We are satisfied from a review of the entire record that appellant was adequately represented by counsel.

Sufficiency of evidence.

We are satisfied that there is credible evidence which, if believed by the trier of fact, is sufficient to prove appellant's guilt beyond a reasonable doubt. Appellant argues that the evidence might support alternative theories of the crime. On appeal this court is not concerned with the evidence which might support other theories of the crime, it is concerned only with ascertaining whether the trier of fact could, acting reasonably, exclude these other theories and make findings supporting the guilt of a defendant.

In the present case there was not only the admission of appellant that he had killed a Mexican girl on the fatal night but also there is strong circumstantial evidence of appellant's guilt. He left the cottage with the murdered girl, there was a scream, there were two knocks on the wall of the cottage shortly after they left, and there was a telltale mark on the rear wall of the cottage. Circumstantial evidence alone would support the conviction.[11] The admission, if the testimony concerning it is believed, seals the conviction.

*769 Reversal in the interest of justice.

Appellant finally argues that this court should exercise its discretionary power, under sec. 251.09, Stats., and order a new trial in the interest of justice on the ground of the accumulated effects of all of appellant's arguments, plus the fact that the missing witness, Michael Murphy, subsequently returned to Green Bay.

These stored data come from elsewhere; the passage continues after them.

(** * The test space *)

(* A metric fan: the point [None] is the only non-isolated point, and
   [Some (m, D, z)] is at distance [inv_succ m] from it. *)
Definition test_space X := option (nat * (nat -> set X) * X).

Definition test_weight X (y : test_space X) : R :=
  match y with None => 0 | Some (m, _, _) => inv_succ m end.

Definition test_dist X (a b : test_space X) : R :=
  if excluded_middle_informative (a = b) then 0 else test_weight a + test_weight b.

Lemma test_weight_nonneg X (y : test_space X) : 0 <= test_weight y.
Proof. destruct y as [[[m D] z]|]; simpl; [left; apply inv_succ_pos | lra]. Qed.

Lemma test_weight_some_pos X (s : nat * (nat -> set X) * X) : 0 < test_weight (Some s).
Proof. destruct s as [[m D] z]; apply inv_succ_pos. Qed.

Lemma test_dist_refl X (a : test_space X) : test_dist a a = 0.
Proof. unfold test_dist; destruct (excluded_middle_informative (a = a)); congruence. Qed.

Lemma test_dist_neq X (a b : test_space X) : a <> b -> test_dist a b = test_weight a + test_weight b.
Proof. intro Hab; unfold test_dist; destruct (excluded_middle_informative (a = b)); tauto. Qed.

Lemma test_dist_apex X m (D : nat -> set X) z : test_dist None (Some (m, D, z)) = inv_succ m.
Proof. rewrite test_dist_neq; [simpl; ring | discriminate]. Qed.

Lemma test_dist_metric X : is_metric (@test_dist X).
Proof.
  assert (Hpos : forall a b : test_space X, a <> b -> 0 < test_weight a + test_weight b).
  { intros [s|] [t|] Hab.
    - pose proof (test_weight_some_pos s); pose proof (test_weight_some_pos t); lra.
    - change (0 < test_weight (Some s) + 0); pose proof (test_weight_some_pos s); lra.
    - change (0 < 0 + test_weight (Some t)); pose proof (test_weight_some_pos t); lra.
    - congruence. }
  split; [|split; [|split]].
  - intros a b; destruct (classic (a = b)) as [<-|Hab]; [rewrite test_dist_refl; lra|].
    rewrite test_dist_neq; auto; left; apply Hpos, Hab.
  - intros a b; split; [|intros <-; apply test_dist_refl].
    intro H; apply NNPP; intro Hab; rewrite test_dist_neq in H; auto.
    pose proof (Hpos a b Hab); lra.
  - intros a b; destruct (classic (a = b)) as [<-|Hab]; [reflexivity|].
    rewrite !test_dist_neq; auto; lra.
  - intros a b c; pose proof (test_weight_nonneg a); pose proof (test_weight_nonneg b).
    pose proof (test_weight_nonneg c).
    destruct (classic (a = c)) as [<-|Hac].
    + rewrite test_dist_refl; destruct (classic (a = b)) as [<-|Hab];
        [rewrite test_dist_refl; lra | rewrite !test_dist_neq; auto; lra].
    + destruct (classic (a = b)) as [<-|Hab]; [rewrite test_dist_refl; lra|].
      destruct (classic (b = c)) as [<-|Hbc]; [rewrite test_dist_refl; lra|].
      rewrite !test_dist_neq; auto; lra.
Qed.

Definition test_conv X : convergence (test_space X) :=
  metric_conv (@test_dist X) (@test_dist_refl X).

Lemma test_conv_metrizable X : metrizable_topology (test_conv X).
Proof. apply metric_conv_metrizable, test_dist_metric. Qed.

Lemma test_conv_countable_character X : countable_character (test_conv X).
Proof. apply metrizable_countable_character, test_conv_metrizable. Qed.

Lemma test_conv_pretopology X : pretopology (test_conv X).
Proof. apply metrizable_pretopology, test_conv_metrizable. Qed.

This court will exercise its discretionary power under sec. 251.09, Stats., only when it appears that a new trial would probably result in acquittal.[12] The power is used sparingly. A review of the entire proceedings satisfies us that justice did not miscarry in this case and that there is no basis for this court to utilize its discretionary power in ordering a new trial.

By the Court.Judgment affirmed.


[1] Wis. Const. art. I, sec. 7.

[2] The confrontation clause of the sixth amendment applies to the states through the fourteenth amendment, Pointer v. Texas (1965), 380 U.S. 400, 85 Sup. Ct. 1065, 13 L. Ed. 2d 923.

[3] Sec. 885.31, Stats.; see also: Annot. (1945), 159 A. L. R. 1240; 23 C. J. S., Criminal Law, p. 1060, sec. 1003; 29 Am. Jur. 2d, Evidence, p. 820, sec. 749; McCormick, Evidence (hornbook series), p. 483, sec. 231; 5 Wigmore, Evidence (3d ed.), p. 127, sec. 1396.

[4] (1967), 35 Wis. 2d 159, 167, 150 N.W.2d 370.

[5] See State v. La Fernier (1969), 44 Wis. 2d 440, 171 N.W.2d 408, distinguishing Inda v. State (1929), 198 Wis. 557, 224 N.W. 733, and Barber v. Page (1968), 390 U.S. 719, 88 Sup. Ct. 1318, 20 L. Ed. 2d 255.

[6] Taylor v. State (1971), 52 Wis. 2d 453, 457, 190 N.W.2d 208.

[7] Elam v. State (1971), 50 Wis. 2d 383, 184 N.W.2d 176; State v. Moffett (1970), 46 Wis. 2d 164, 174 N.W.2d 263.

[8] Milburn v. State (1971), 50 Wis. 2d 53, 183 N.W.2d 70.

[9] The American Law Institute, Model Penal Code (Proposed Official Draft, May 4, 1962), p. 66, sec. 4.01, adopted as an option in Wisconsin in State v. Shoffner (1966), 31 Wis. 2d 412, 143 N.W.2d 458.

[10] State v. Hebard (1971), 50 Wis. 2d 408, 422, 184 N.W.2d 156.

[11] State v. Dombrowski (1969), 44 Wis. 2d 486, 171 N.W.2d 349.

[12] State v. Heidelbach (1971), 49 Wis. 2d 350, 360, 182 N.W.2d 497.